Ameta Durgesh, Kumar Surendra, Mishra Rishav, Behera Laxmidhar, Chakraborty Aniruddha, Sandhan Tushar
Indian Knowledge System and Mental Health Applications Centre, Indian Institute of Technology, Mandi, India.
Indian Knowledge System Centre, ISS, Delhi, India.
PLoS One. 2025 May 28;20(5):e0322514. doi: 10.1371/journal.pone.0322514. eCollection 2025.

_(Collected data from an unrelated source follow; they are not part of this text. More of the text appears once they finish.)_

Lemma wN_le_ub {T w} : ubound (wN_set T) w -> wN ip N T <= w.
Proof. by apply: ge_sup; exists (N (Re_op (opscale (expi 0) T))), 0. Qed.

Lemma wN_add_le {S T} : bounded S -> bounded T ->
  has_ubound (wN_set S) -> has_ubound (wN_set T) ->
  wN ip N (opadd S T) <= wN ip N S + wN ip N T.
Proof.
move=> S_bounded T_bounded S_ub T_ub; apply: wN_le_ub => _ [t _ <-].
have eS_bounded := bounded_op_scale ip_inner (expi t) S_bounded.
have eT_bounded := bounded_op_scale ip_inner (expi t) T_bounded.
have -> : opscale (expi t) (opadd S T) = opadd (opscale (expi t) S) (opscale (expi t) T).
  by apply/funext => x; rewrite /opscale /opadd scalerDr.
rewrite (ReOp_add eS_bounded eT_bounded).
apply: le_trans (N_add (ReOp_bounded eS_bounded) (ReOp_bounded eT_bounded)) _.
by apply: lerD; apply: ub_le_sup => //; exists t.
Qed.

End NumericalRadius.

Theorem theorem2p11 (R : realType) (V : lmodType R[i]) (ip : V -> V -> R[i])
  (HH : is_hilbert ip) (N : (V -> V) -> R) (HN : is_op_norm ip N)
  (B C : V -> V) (HB : bounded_op ip B) (HC : bounded_op ip C) (theta : R) :
  2^-1 * wN ip N (opadd B (opscale (expi theta) C))
    + 2^-1 * `|wN ip N B - wN ip N C| <= wNe ip N B C.
Proof.
have [ip_inner ip_compl] := HH.
have B_ub := wN_set_le_wNe_l ip_inner ip_compl N HN HB HC.
have C_ub := wN_set_le_wNe_r ip_inner ip_compl N HN HB HC.
apply: half_sum_add_half_dist_le; last 2 first.
- exact: (wN_le_ub N B_ub).
- exact: (wN_le_ub N C_ub).
have eC_bounded := bounded_op_scale ip_inner (expi theta) HC.
rewrite -(wN_rot N theta C).
apply: (wN_add_le ip_inner ip_compl N HN HB eC_bounded); first by exists (wNe ip N B C).
by rewrite wN_set_rot; exists (wNe ip N B C).
Qed.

This research delves into olfaction, a sensory modality that remains complex and inadequately understood. We aim to fill in two gaps in recent studies that attempted to use machine learning and deep learning approaches to predict human smell perception. The first one is that molecules are usually represented with molecular fingerprints, mass spectra, and vibrational spectra; however, the influence of the selected representation method on predictive performance is inadequately documented in direct comparative studies. To fill this gap, we assembled a large novel dataset of 2606 molecules with three kinds of features: mass spectra (MS), vibrational spectra (VS) and molecular fingerprint features (FP). We evaluated their performance using four different multi-label classification models. The second objective is to address an inherent challenge in odor classification multi-label datasets (MLD)-the issue of class imbalance by random resampling techniques and an explainable, cost-sensitive multilayer perceptron model (CSMLP). Experimental results suggest significantly better performance of the molecular fingerprint-based features compared with mass and vibrational spectra with the micro-averaged F1 evaluation metric. The proposed resampling techniques and cost-sensitive model outperform the results of previous studies. We also report the predictive performance of multimodal features obtained by fusing the three mentioned features. This comprehensive and systematic study compares the predictive performance for odor classification of different features and utilises a multifaceted approach to deal with data imbalance. Our explainable model sheds further light on features and odour relations. The results hold the potential to guide the development of the electric nose and our dataset will be made publicly available.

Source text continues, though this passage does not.